■ **Assignment**
What is the count of lines in the records that include "Section"? Reply with that number alone.

Collected data entries:
───
(* Let $\Omega\subset\mathbb{R}^N$ be a bounded domain with smooth boundary, $0<s<1$, $M$ a Young function satisfying $1<m_0:=\inf_{t>0}\frac{tm(t)}{M(t)}\le m^0:=\sup_{t>0}\frac{tm(t)}{M(t)}<\infty$, (S) $t\mapsto M(\sqrt t)$ convex on $[0,\infty)$, and (Q) $\lim_{t\to+\infty}|t|^q/M(t)=0$, where $1<q<\min(p^*,m_0)$, $p^*=Np/(N-p)$ for a fixed $1<p<N$. Let $g:\Omega\times\mathbb{R}\to\mathbb{R}$ be Carathéodory with $G(x,t)=\int_0^t g(x,\tau)d\tau$ satisfying (A) $|g(x,t)|\le C_0|t|^{q-1}$ and (B) $C_1|t|^q\le G(x,t)\le C_2|t|^q$ for all $x\in\Omega,t\in\mathbb{R}$, with $C_0,C_1,C_2>0$. Let $$I_\lambda(u)=\int_{\mathbb{R}^N}\int_{\mathbb{R}^N}M\Big(\frac{u(x)-u(y)}{|x-y|^s}\Big)\frac{dx\,dy}{|x-y|^N}-\lambda\int_\Omega G(x,u)\,dx.$$ Then there exists $\lambda^*>0$ such that for every $\lambda\in(0,\lambda^* )$ there exist $\rho>0$ and $\alpha>0$ with $I_\lambda(u)\ge\alpha$ for all $u\in\tilde W^{s,M}_0(\Omega)$ with $\|u\|=\rho$.
   Context: A Young function is $M(t)=\int_0^{|t|}m(\tau)\,d\tau$, where $m:\mathbb{R}\to\mathbb{R}$ is an increasing homeomorphism of $\mathbb{R}$ onto $\mathbb{R}$ with $m(0)=0$, $m(t)>0$ for $t>0$, $m(t)\to\infty$ as $t\to\infty$. $L^M$ is the Orlicz space with Luxemburg norm $\|u\|_{(M)}=\inf\{\lambda>0:\int M(u/\lambda)\le1\}$. $W^{s,M}(\mathbb{R}^N)$ is the set of $u\in L^M(\mathbb{R}^N)$ with $\int\int M\big(\frac{u(x)-u(y)}{|x-y|^s}\big)\frac{dxdy}{|x-y|^N}<\infty$, with seminorm $[u]_{(s,M)}=\inf\{\lambda>0:\int\int M\big(\frac{u(x)-u(y)}{\lambda|x-y|^s}\big)\frac{dxdy}{|x-y|^N}\le1\}$ and norm $\|u\|_{(s,M)}=\|u\|_{(M)}+[u]_{(s,M)}$. $\tilde W^{s,M}_0(\Omega)$ is the space of functions in the closure $W^{s,M}_0(\Omega)$ of $C_c^\infty(\Omega)$ in $\|\cdot\|_{(s,M)}$ which vanish a.e. in $\mathbb{R}^N\setminus\Omega$, normed by $\|u\|=[u]_{(s,M)}$. *)

From mathcomp Require Import all_boot all_order all_algebra.
From mathcomp Require Import all_classical all_reals all_analysis.
Set Implicit Arguments. Unset Strict Implicit. Unset Printing Implicit Defensive.
Import Order.TTheory GRing.Theory Num.Theory.
Local Open Scope ring_scope.
Local Open Scope classical_set_scope.

(* R^N, represented as row vectors, with its canonical (normed) topology. *)
Notation Rn R N := (matrix_matrix__canonical__normed_module_NormedModule R 1 N).

Section Defs.
Variables (R : realType) (N : nat).
Implicit Types (x y : Rn R N) (u : Rn R N -> R).

Definition enorm x : R := Num.sqrt (\sum_(i < N) (x 0 i) ^+ 2).

Definition borelRn : set (set (Rn R N)) := <<s open >>.
Definition borel_fun u : Prop :=
  forall B : set R, measurable B -> borelRn (u @^-1` B).

Definition setcoord x (k : nat) (t : R) : Rn R N :=
  \row_(j < N) (if (j : nat) == k then t else x 0 j).

(* Lebesgue integral over R^N of a nonnegative function, computed as an
   iterated one-dimensional Lebesgue integral (Tonelli). *)
Fixpoint iint (k : nat) (f : Rn R N -> \bar R) (x : Rn R N) : \bar R :=
  match k with
  | 0 => f x
  | k'.+1 => (\int[@lebesgue_measure R]_(t in [set: R]) iint k' f (setcoord x k' t))%E
  end.
Definition intRn (f : Rn R N -> \bar R) : \bar R := iint N f 0.

Definition nullRn (A : set (Rn R N)) : Prop :=
  borelRn A /\ intRn (fun x => (\1_A x)%:E) = 0%E.

Fixpoint iterD (vs : seq (Rn R N)) (f : Rn R N -> R) : Rn R N -> R :=
  match vs with
  | [::] => f
  | v :: vs' => 'D_v (iterD vs' f)
  end.
Definition smooth (f : Rn R N -> R) : Prop :=
  forall vs : seq (Rn R N), continuous (iterD vs f : Rn R N -> R^o) /\
    forall x v, derivable (iterD vs f) x v.

Definition Cc_infty (Om : set (Rn R N)) (f : Rn R N -> R) : Prop :=
  smooth f /\ compact (closure [set x | f x != 0]) /\
  closure [set x | f x != 0] `<=` Om.

Definition smooth_bounded_domain (Om : set (Rn R N)) : Prop :=
  [/\ open Om, connected Om, Om !=set0,
      (exists C : R, forall x, Om x -> enorm x <= C) &
      forall x0, (closure Om `\` Om) x0 ->
        exists (r : R) (psi : Rn R N -> R), [/\ 0 < r, smooth psi,
          (forall x, ball x0 r x -> (Om x <-> psi x < 0)) &
          (forall x, ball x0 r x -> psi x = 0 -> exists v, 'D_v psi x != 0)]].
End Defs.

Definition young_m (R : realType) (m : R -> R) : Prop :=
  [/\ continuous (m : R^o -> R^o), {homo m : x y / x < y}, (forall y, exists x, m x = y),
      m 0 = 0 & (m : R^o -> R^o) x @[x --> +oo] --> +oo].

Definition YoungM (R : realType) (m : R -> R) (t : R) : R :=
  fine (\int[@lebesgue_measure R]_(tau in `[0%R, `|t|%R]) (m tau)%:E)%E.

Definition m_low (R : realType) (m : R -> R) : R :=
  inf [set t * m t / YoungM m t | t in `]0, +oo[].
Definition m_up_finite (R : realType) (m : R -> R) : Prop :=
  has_ubound [set t * m t / YoungM m t | t in `]0, +oo[].

Definition cond_S (R : realType) (M : R -> R) : Prop :=
  forall a b th : R, 0 <= a -> 0 <= b -> 0 <= th <= 1 ->
    M (Num.sqrt (th * a + (1 - th) * b)) <=
      th * M (Num.sqrt a) + (1 - th) * M (Num.sqrt b).

Section Spaces.
Variables (R : realType) (N : nat) (M : R -> R) (s : R).
Implicit Types (u : Rn R N -> R).

Definition modular u (l : R) : \bar R :=
  intRn (fun x => (M (u x / l))%:E).
Definition smodular u (l : R) : \bar R :=
  intRn (fun x => intRn (fun y =>
    (M ((u x - u y) / (l * enorm (x - y) `^ s)) / enorm (x - y) `^ N%:R)%:E)).

Definition luxnorm u : R := inf [set l : R | 0 < l /\ (modular u l <= 1)%E].
Definition seminorm u : R := inf [set l : R | 0 < l /\ (smodular u l <= 1)%E].
Definition WsMnorm u : R := luxnorm u + seminorm u.

Definition WsM u : Prop :=
  [/\ borel_fun u, (exists l : R, 0 < l /\ (modular u l < +oo)%E) &
      (smodular u 1 < +oo)%E].

Definition WsM0t (Om : set (Rn R N)) u : Prop :=
  [/\ WsM u,
      (forall e : R, 0 < e -> exists phi, Cc_infty Om phi /\
          WsMnorm (fun x => u x - phi x) < e) &
      exists Z, nullRn Z /\ [set x | ~ Om x /\ u x != 0] `<=` Z].
End Spaces.

Definition primG (R : realType) (N : nat) (g : Rn R N -> R -> R) x (t : R) : R :=
  if 0 <= t then fine (\int[@lebesgue_measure R]_(tau in `[0%R, t]) (g x tau)%:E)%E
  else - fine (\int[@lebesgue_measure R]_(tau in `[t, 0%R]) (g x tau)%:E)%E.

Definition caratheodory (R : realType) (N : nat) (Om : set (Rn R N))
    (g : Rn R N -> R -> R) : Prop :=
  (forall t, borel_fun (fun x => g x t * \1_Om x)) /\
  (forall x, Om x -> continuous (g x : R^o -> R^o)).

Definition I_lam (R : realType) (N : nat) (M : R -> R) (s : R) (Om : set (Rn R N))
    (g : Rn R N -> R -> R) (lam : R) (u : Rn R N -> R) : \bar R :=
  (smodular M s u 1 - lam%:E * intRn (fun x => (primG g x (u x) * \1_Om x)%:E))%E.

From mathcomp Require Import all_boot all_order all_algebra.
From mathcomp Require Import all_classical all_reals all_analysis.
Import Order.TTheory GRing.Theory Num.Theory.
Local Open Scope ring_scope.
Local Open Scope classical_set_scope.
From mathcomp Require Import ring lra measurable_realfun.

(* Since u vanishes outside Omega, the Gagliardo modular of u controls its
   Orlicz modular on Omega.  Put Omega inside [-C, C]^N and let Q be the unit
   cube [C+1, C+2]^N: every x in Omega and y in Q satisfy 1 <= |x - y| <= D,
   and u(y) = 0 for a.e. y in Q, so the kernel
   M((u(x) - u(y)) / |x - y|^s) / |x - y|^N is at least M(u(x) / D^s) / D^N
   there.  Integrating over Q gives  int_Omega M(u / D^s) <= D^N S, where S is
   the Gagliardo modular of u.  The growth conditions (B) and (Q) give
   G(x, u) <= C2 D^(sq) (M(u / D^s) + T^q), hence  int_Omega G(x, u) <= A S + B.
   On the sphere ||u|| = 2 the Luxemburg seminorm forces S > 1, so
   I_lambda(u) >= S - lambda (A S + B) >= 1/2 once lambda (A + B + 1) < 1/4. *)

Set Implicit Arguments. Unset Strict Implicit.

Section CylinderSigmaAlgebra.
Variables (R : realType) (N : nat).

Definition coord_cylinders : set (set (Rn R N)) :=
  [set A | exists (i : 'I_N) (B : set R),
     measurable B /\ A = [set x : Rn R N | B (x ord0 i)]].

(* The product sigma-algebra of R^N: it contains the open sets (countable
   unions of rational boxes), and Fubini-Tonelli makes the iterated integral
   [iint] measurable for it. *)
Definition cylRn := g_sigma_algebraType coord_cylinders.

Lemma measurable_cylinder i (B : set R) : measurable B ->
  measurable ([set x | B (x ord0 i)] : set cylRn).
Proof. by move=> mB; apply: sub_sigma_algebra; exists i, B. Qed.

Lemma measurable_coord_bigcap (P : 'I_N -> R -> Prop) :
  (forall i, measurable [set t | P i t]) ->
  measurable ([set x | forall i, P i (x ord0 i)] : set cylRn).
Proof.
move=> mP.
have -> : ([set x | forall i, P i (x ord0 i)] : set cylRn) =
    \bigcap_(i in [set: 'I_N]) [set x | P i (x ord0 i)].
  by apply/seteqP; split => x /= Px i; [move=> _ |]; exact: Px.
by apply: fin_bigcap_measurable => // i _; exact: (measurable_cylinder i (mP i)).
Qed.

Definition rat_box (c : 'rV[rat]_N) (r : rat) : set (Rn R N) :=
  [set x | forall i, `|x ord0 i - ratr (c ord0 i)| < ratr r].

Lemma measurable_rat_box c r : measurable (rat_box c r : set cylRn).
Proof.
apply: (@measurable_coord_bigcap (fun i t => `|t - ratr (c ord0 i)| < ratr r)).
move=> i; rewrite (_ : [set t | _] =
  `](ratr (c ord0 i) - ratr r), (ratr (c ord0 i) + ratr r)[%classic).
  exact: measurable_itv.
by apply/seteqP; split => t /=; rewrite in_itv /= ltr_distl.
Qed.

Lemma open_rat_box (U : set (Rn R N)) x : open U -> U x ->
  exists cr : 'rV[rat]_N * rat, rat_box cr.1 cr.2 x /\ rat_box cr.1 cr.2 `<=` U.
Proof.
move=> oU Ux; have /nbhs_ballP[e e0 xeU] : nbhs x U by exact: oU.
have [r] := rat_in_itvoo (divr_gt0 e0 (ltr0n R 2)).
rewrite in_itv /= => /andP[r0 re].
have /fin_all_exists[c xc] : forall i, exists q : rat, `|x ord0 i - ratr q| < ratr r.
  move=> i; have xr : x ord0 i - ratr r < x ord0 i + ratr r.
    by rewrite ltrBlDr -addrA ltrDl addr_gt0.
  have [q] := rat_in_itvoo xr.
  by rewrite in_itv /= => xq; exists q; rewrite ltr_distl; lra.
exists (\row_i c i, r); split => [i|y yb]; first by rewrite mxE.
apply: xeU; split => // i j; rewrite (ord1 i) /ball /=.
move: (yb j) (xc j); rewrite /= mxE !ltr_distl => /andP[y1 y2] /andP[x1 x2].
by apply/andP; split; lra.
Qed.

Lemma open_measurable_cyl (U : set (Rn R N)) : open U ->
  measurable (U : set cylRn).
Proof.
move=> oU.
pose F (cr : 'rV[rat]_N * rat) : set cylRn :=
  if `[< rat_box cr.1 cr.2 `<=` U >] then rat_box cr.1 cr.2 else set0.
have -> : (U : set cylRn) = \bigcup_cr F cr.
  apply/seteqP; split => [x Ux|x [cr _]]; rewrite /F.
    have [cr [xcr crU]] := open_rat_box oU Ux.
    by exists cr => //; case: asboolP.
  by case: asboolP => // crU /crU.
apply: countable_bigcupT_measurable; first exact: countableP.
by move=> cr; rewrite /F; case: asboolP => _ //; exact: measurable_rat_box.
Qed.

Lemma borelRn_measurable (A : set (Rn R N)) : borelRn A ->
  measurable (A : set cylRn).
Proof.
move=> bA; apply: (smallest_sub (@sigma_algebra_measurable _ cylRn) _ bA).
by move=> U; exact: open_measurable_cyl.
Qed.

Lemma borel_fun_measurable (u : Rn R N -> R) : borel_fun u ->
  measurable_fun setT (u : cylRn -> R).
Proof. by move=> bu _ B mB; rewrite setTI; apply: borelRn_measurable; exact: bu. Qed.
───
■ **Exercise solution**
3